- News>
- Economy
Inflation eases to 5-year low of 3.17% in January
Retail inflation eased to 3.17 percent in January, its lowest level in at least five years.
New Delhi: Retail inflation eased to 3.17 percent in January, its lowest level in at least five years.
According to data released by the Central Statistics Office (CSO), the fall in retail inflation was mainly due to a drop in the annual food inflation.
Food inflation stood at 0.53 percent last month, lower than 1.37 percent in December.
The Consumer Price Index-based inflation was at 5.69 percent in January last year.
Headline inflation has been under 4 percent since November, well below the RBI's 5 percent target for March and medium-term target of 4 percent.
Low inflation led many to believe the central bank would cut the repo rate last week.
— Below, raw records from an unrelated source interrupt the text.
Definition induced_triangle_free (pick : pickT) (t : nat) (S : seq nat) : Prop :=
  ~ exists a b c, [/\ a \in S, b \in S, c \in S,
                     [/\ a != b, b != c & a != c] &
                     [/\ Wadj pick t a b, Wadj pick t b c & Wadj pick t a c]].

(* A vertex v_{B,R} is added fresh and is black-adjacent exactly to B, to the
   previous rightmost vertex r of its layer (if any) and to its fresh twin
   v'_{B,R}.  Attaching a fresh vertex to a black-independent set creates no black
   triangle, and this set is independent: B is a red clique and no pair is joined
   in both colours (the red edges of v_{B,R} go to R, disjoint from its black
   neighbourhood); r is the previous twin, whose only black neighbour lies in the
   layer being built, hence not in B; and v'_{B,R} is isolated when attached.
   Edges are never removed, so a triangle of W'_t would already be a triangle at
   some finite stage of the construction. *)

From Pilot Require Import Defs.
From mathcomp Require Import all_boot zify.
(* mathcomp's nmodule also defines [add_pair]; restore the one of Defs. *)
Import Defs.

Set Implicit Arguments.
Unset Strict Implicit.
Unset Printing Implicit Defensive.

Section Star.

Variable T : eqType.

Definition star (v : T) (N : seq T) : rel T :=
  fun x y => (x == v) && (y \in N) || (y == v) && (x \in N).

Definition isolated (E : rel T) (v : T) := forall x, ~~ E v x && ~~ E x v.

Definition triangle_free (E : rel T) :=
  forall a b c, a != b -> b != c -> a != c -> E a b -> E b c -> E a c -> False.

Lemma triangle_free_star (E : rel T) v (N : seq T) :
  triangle_free E -> isolated E v -> {in N &, forall x y, x != y -> ~~ E x y} ->
  triangle_free (fun x y => E x y || star v N x y).
Proof.
move=> triE isoE indN.
have to_v x y : E x y || star v N x y -> y = v -> x \in N.
  move=> + yv; rewrite /star yv eqxx andTb; have /andP[_ /negPf->] := isoE x.
  by rewrite orFb => /orP[/andP[/eqP->]|].
have from_v x y : E x y || star v N x y -> x = v -> y \in N.
  move=> + xv; rewrite /star xv eqxx andTb; have /andP[/negPf-> _] := isoE y.
  by rewrite orFb => /orP[|/andP[/eqP->]].
have off_v x y : x != v -> y != v -> E x y || star v N x y -> E x y.
  by rewrite /star => /negPf-> /negPf->; rewrite !andFb !orbF.
move=> a b c ab bc ac Eab Ebc Eac.
have [av|va] := eqVneq a v.
  have /negP[] := indN _ _ (from_v _ _ Eab av) (from_v _ _ Eac av) bc.
  by apply: off_v Ebc; rewrite -av eq_sym.
have [bv|vb] := eqVneq b v.
  have /negP[] := indN _ _ (to_v _ _ Eab bv) (from_v _ _ Ebc bv) ac.
  by apply: off_v Eac; rewrite // -bv eq_sym.
have [cv|vc] := eqVneq c v.
  have /negP[] := indN _ _ (to_v _ _ Eac cv) (to_v _ _ Ebc cv) ab.
  exact: off_v Eab.
by apply: (triE a b c) => //; apply: off_v.
Qed.

Lemma star_disjoint (E F : rel T) v (N R : seq T) :
  (forall x y, E x y -> ~~ F x y) -> isolated E v -> isolated F v ->
  v \notin N -> {in R, forall x, x \notin N} ->
  forall x y, E x y || star v N x y -> ~~ (F x y || star v R x y).
Proof.
move=> EF isoE isoF vN RN x y; rewrite negb_or.
case/orP=> [Exy|/orP[]/andP[/eqP-> Ny]].
- rewrite EF //=; apply/norP; split; apply/negP=> /andP[/eqP xyv _].
    by move: (isoE y); rewrite -xyv Exy.
  by move: (isoE x); rewrite -xyv Exy andbF.
- have /andP[/negPf-> _] := isoF y.
  rewrite /star eqxx /=; apply/norP; split; first by apply/negP=> /RN; rewrite Ny.
  by apply/negP=> /andP[/eqP yv _]; move: vN; rewrite -yv Ny.
- have /andP[_ /negPf->] := isoF x.
  rewrite /star eqxx /=; apply/norP; split.
    by apply/negP=> /andP[/eqP xv _]; move: vN; rewrite -xv Ny.
  by apply/negP=> /RN; rewrite Ny.
Qed.

End Star.

Lemma foldl_inv (A : Type) (B : eqType) (P : A -> Prop) (f : A -> B -> A) s x :
  (forall y b, b \in s -> P y -> P (f y b)) -> P x -> P (foldl f x s).
Proof.
elim: s x => //= b s IH x Pf Px; apply: IH (Pf _ _ (mem_head b s) Px).
by move=> y c cs; apply: Pf; rewrite inE cs orbT.
Qed.

Lemma splits_mask s BR : BR \in splits s -> exists m, perm_eq (BR.1 ++ BR.2) (mask m s).
Proof.
elim: s BR => [|x s IH] BR /=; first by rewrite inE => /eqP->; exists [::].
case/flatten_mapP=> p /IH[m pm]; rewrite !inE => /or3P[]/eqP-> /=.
- by exists (true :: m); rewrite /= perm_cons.
- exists (true :: m); rewrite /= -cat1s perm_catCA /= perm_cons.
  exact: pm.
- by exists (false :: m).
Qed.

Lemma mem_map_pairl (T1 T2 : eqType) (v x : T1) (y : T2) (s : seq T2) :
  ((x, y) \in [seq (v, b) | b <- s]) = (x == v) && (y \in s).
Proof.
apply/mapP/andP => [[b bs [-> ->]] // | [/eqP-> ys]].
by exists y.
Qed.

Lemma blackAdjC st : symmetric (blackAdj st).
Proof. by move=> x y; rewrite /blackAdj orbC. Qed.

Lemma redAdjC st : symmetric (redAdj st).
Proof. by move=> x y; rewrite /redAdj orbC. Qed.

Lemma redAdj_add_pair st cur BR x y :
  redAdj (add_pair st cur BR).1 x y = redAdj st x y || star (nv st) BR.2 x y.
Proof.
rewrite /redAdj /star /add_pair /= !mem_cat !mem_map_pairl -!orbA.
by do !bool_congr.
Qed.

Lemma redClique_add_pair st cur BR B :
  redClique st B -> redClique (add_pair st cur BR).1 B.
Proof.
apply: sub_all => x; apply: sub_all => y.
by rewrite redAdj_add_pair => /orP[->|->]; rewrite ?orbT.
Qed.

Definition wf_graph (st : tstate) :=
  [/\ forall x y, totAdj st x y -> x < nv st,
      forall x y, blackAdj st x y -> ~~ redAdj st x y &
      triangle_free (blackAdj st)].

Lemma wf_graph_isolated st v :
  wf_graph st -> nv st <= v -> isolated (blackAdj st) v /\ isolated (redAdj st) v.
Proof.
case=> bnd _ _ nv_le.
have from_v y : ~~ totAdj st v y by apply/negP=> /bnd; lia.
have to_v y : ~~ totAdj st y v by rewrite /totAdj blackAdjC redAdjC from_v.
by split=> x; move: (from_v x) (to_v x); rewrite /totAdj => /norP[? ?] /norP[? ?];
  apply/andP.
Qed.

Definition rightmost (cur : seq nat) : seq nat :=
  if cur is [::] then [::] else [:: last 0 cur].

Lemma rightmost_rcons cur v : rightmost (rcons cur v) = [:: v].
Proof. by case: cur => //= c cs; rewrite last_rcons. Qed.

Lemma mem_rightmost cur : {subset rightmost cur <= cur}.
Proof. by case: cur => //= c cs r; rewrite inE => /eqP->; apply: mem_last. Qed.

Lemma rightmost_uniq cur : {in rightmost cur &, forall r r', r = r'}.
Proof. by case: cur => //= c cs r r'; rewrite !inE => /eqP-> /eqP->. Qed.

Definition black_nbrs (cur : seq nat) (BR : seq nat * seq nat) (v' : nat) :=
  rightmost cur ++ rcons BR.1 v'.

Lemma mem_black_nbrs cur BR v' x :
  (x \in black_nbrs cur BR v') = [|| x \in rightmost cur, x == v' | x \in BR.1].
Proof. by rewrite mem_cat mem_rcons inE. Qed.

Lemma blackAdj_add_pair st cur BR x y :
  blackAdj (add_pair st cur BR).1 x y =
  blackAdj st x y || star (nv st) (black_nbrs cur BR (nv st).+1) x y.
Proof.
rewrite /blackAdj /star /black_nbrs /add_pair /= -cats1 !mem_cat !mem_map_pairl !inE.
case: cur => [|c cs] /=; rewrite ?inE ?xpair_eqE !andb_orr -!orbA.
  by do !bool_congr.
by rewrite [(x == last _ _) && _]andbC [(y == last _ _) && _]andbC; do !bool_congr.
Qed.

Lemma wf_graph_add_pair st cur BR (n := nv st) (N := black_nbrs cur BR n.+1) :
  wf_graph st -> {in N ++ BR.2, forall x, x < n.+2} -> n \notin N ->
  {in BR.2, forall x, x \notin N} -> {in N &, forall x y, x != y -> ~~ blackAdj st x y} ->
  wf_graph (add_pair st cur BR).1.
Proof.
move=> st_wf new_lt n_notN R_notN N_indep.
have [isoB isoR] := wf_graph_isolated st_wf (leqnn n).
case: st_wf => bnd disj tri; split.
- have star_lt M x y : {subset M <= N ++ BR.2} -> star n M x y -> x < n.+2.
    by move=> sub /orP[/andP[/eqP-> _]|/andP[_ /sub/new_lt]].
  move=> x y; rewrite /totAdj blackAdj_add_pair redAdj_add_pair orbACA /=.
  case/orP=> [/bnd x_lt|/orP[]/star_lt]; first lia.
    by apply=> z zN; rewrite mem_cat zN.
  by apply=> z zR; rewrite mem_cat zR orbT.
- move=> x y; rewrite blackAdj_add_pair redAdj_add_pair.
  exact: star_disjoint disj isoB isoR n_notN R_notN x y.
- move=> a b c ab bc ac; rewrite !blackAdj_add_pair.
  exact: triangle_free_star tri isoB N_indep a b c ab bc ac.
Qed.

Definition admissible (n0 : nat) (st : tstate) (BR : seq nat * seq nat) :=
  [/\ {in BR.1 ++ BR.2, forall x, x < n0}, {in BR.2, forall x, x \notin BR.1}
    & redClique st BR.1].

(* While layer L_{i+1} is built: [n0] is its first vertex, [p.2] its part built so far. *)
Definition layer_inv (n0 : nat) (L : seq (seq nat)) (p : tstate * seq nat) :=
  [/\ wf_graph p.1, lays p.1 = L, n0 <= nv p.1,
      {in p.2, forall x, n0 <= x < nv p.1}
    & {in rightmost p.2, forall r x, blackAdj p.1 r x -> n0 <= x}].

Lemma black_nbrs_indep n0 L p BR :
  layer_inv n0 L p -> admissible n0 p.1 BR ->
  {in black_nbrs p.2 BR (nv p.1).+1 &, forall x y, x != y -> ~~ blackAdj p.1 x y}.
Proof.
case: p => st cur [] /= st_wf _ _ _ rm_nbr [BR_lt _ cliqueB].
have [iso_new _] := wf_graph_isolated st_wf (leqnSn (nv st)).
have rm_B r b : r \in rightmost cur -> b \in BR.1 -> ~~ blackAdj st r b.
  move=> /rm_nbr r_nbr bB; apply/negP=> /r_nbr.
  by have := BR_lt b; rewrite mem_cat bB => /(_ isT); lia.
move=> x y /[!mem_black_nbrs] /or3P[xr|/eqP->|xB] /or3P[yr|/eqP->|yB] xy.
- by rewrite (rightmost_uniq xr yr) eqxx in xy.
- by case/andP: (iso_new x).
- exact: rm_B.
- by case/andP: (iso_new y).
- by case/andP: (iso_new (nv st).+1).
- by case/andP: (iso_new y).
- by rewrite blackAdjC rm_B.
- by case/andP: (iso_new x).
- have /allP/(_ _ xB)/allP/(_ _ yB) := cliqueB; rewrite (negPf xy) /=.
  by apply: contraL; case: st_wf => _ disj _; apply: disj.
Qed.

Lemma add_pair_layer_inv n0 L p BR :
  layer_inv n0 L p -> admissible n0 p.1 BR -> layer_inv n0 L (add_pair p.1 p.2 BR).
Proof.
move=> inv adm; have N_indep := black_nbrs_indep inv adm.
case: p inv adm N_indep => st cur [] /= st_wf Lst n0_le cur_bnd _ [BR_lt R_notB _].
set n := nv st => N_indep.
have [iso_new _] := wf_graph_isolated st_wf (leqnSn n).
have BR_n x : x \in BR.1 ++ BR.2 -> x < n by move/BR_lt; lia.
have rm_bnd r : r \in rightmost cur -> n0 <= r < n by move/mem_rightmost/cur_bnd.
split=> //=.
- apply: wf_graph_add_pair => //.
  + move=> x; rewrite mem_cat mem_black_nbrs -!orbA => /or3P[/rm_bnd|/eqP->|xBR]; try lia.
    by have := BR_n x; rewrite mem_cat xBR => /(_ isT); lia.
  + apply/negP; rewrite mem_black_nbrs => /or3P[/rm_bnd|/eqP|xB]; try lia.
    by have := BR_n n; rewrite mem_cat xB => /(_ isT); lia.
  + move=> x xR; rewrite mem_black_nbrs (negPf (R_notB x xR)) orbF.
    have := BR_lt x; rewrite mem_cat xR orbT => /(_ isT) x_lt.
    by apply/negP=> /orP[/rm_bnd|/eqP]; lia.
- lia.
- by move=> x; rewrite !(mem_rcons, inE) => /or3P[/eqP->|/eqP->|/cur_bnd]; lia.
- move=> _ /[1!rightmost_rcons] /[1!inE] /eqP-> x.
  rewrite blackAdj_add_pair (negPf (andP (iso_new x)).1) /star /=.
  by case/orP=> /andP[/eqP]; lia.
Qed.

Lemma foldl_add_pair_layer_inv n0 L p s :
  {in s, forall BR, admissible n0 p.1 BR} -> layer_inv n0 L p ->
  layer_inv n0 L (foldl (fun q BR => add_pair q.1 q.2 BR) p s).
Proof.
move=> adm inv.
pose P q := layer_inv n0 L q /\ {in s, forall BR, admissible n0 q.1 BR}.
suff [] : P (foldl (fun q BR => add_pair q.1 q.2 BR) p s) by [].
apply: foldl_inv => [q BR BRs [q_inv q_adm]|]; last by [].
split=> [|BR' /q_adm[? ? ?]]; first exact: add_pair_layer_inv (q_adm _ BRs).
by split=> //; apply: redClique_add_pair.
Qed.

Section Construction.

Variables (pick : pickT) (t : nat).

Hypothesis pick_perm : forall u s, perm_eq (pick u s) s.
But a pick-up in global crude prices, a volatile foreign exchange market, and relatively high domestic non-food and non-fuel inflation have fuelled concerns among RBI officials.
Last week, the RBI shocked investors by holding at 6.25 percent and shifting its monetary policy stance to "neutral" from "accommodative".
RBI has projected retail inflation in the range of 4 to 4.5 percent in the first half of 2017-18 fiscal and between 4.5 percent to 5 percent in the second half.
The monetary policy committee said it is "committed to bringing headline inflation closer to 4.0 percent on a durable basis and in a calibrated manner" and this requires further "significant decline in inflation expectations, especially since the services component of inflation that is sensitive to wage movements has been sticky.
"The committee decided to change the stance from accommodative to neutral while keeping the policy rate on hold to assess how the transitory effects of demonetisation on inflation and the output gap play out," the resolution of the Monetary Policy Committee said.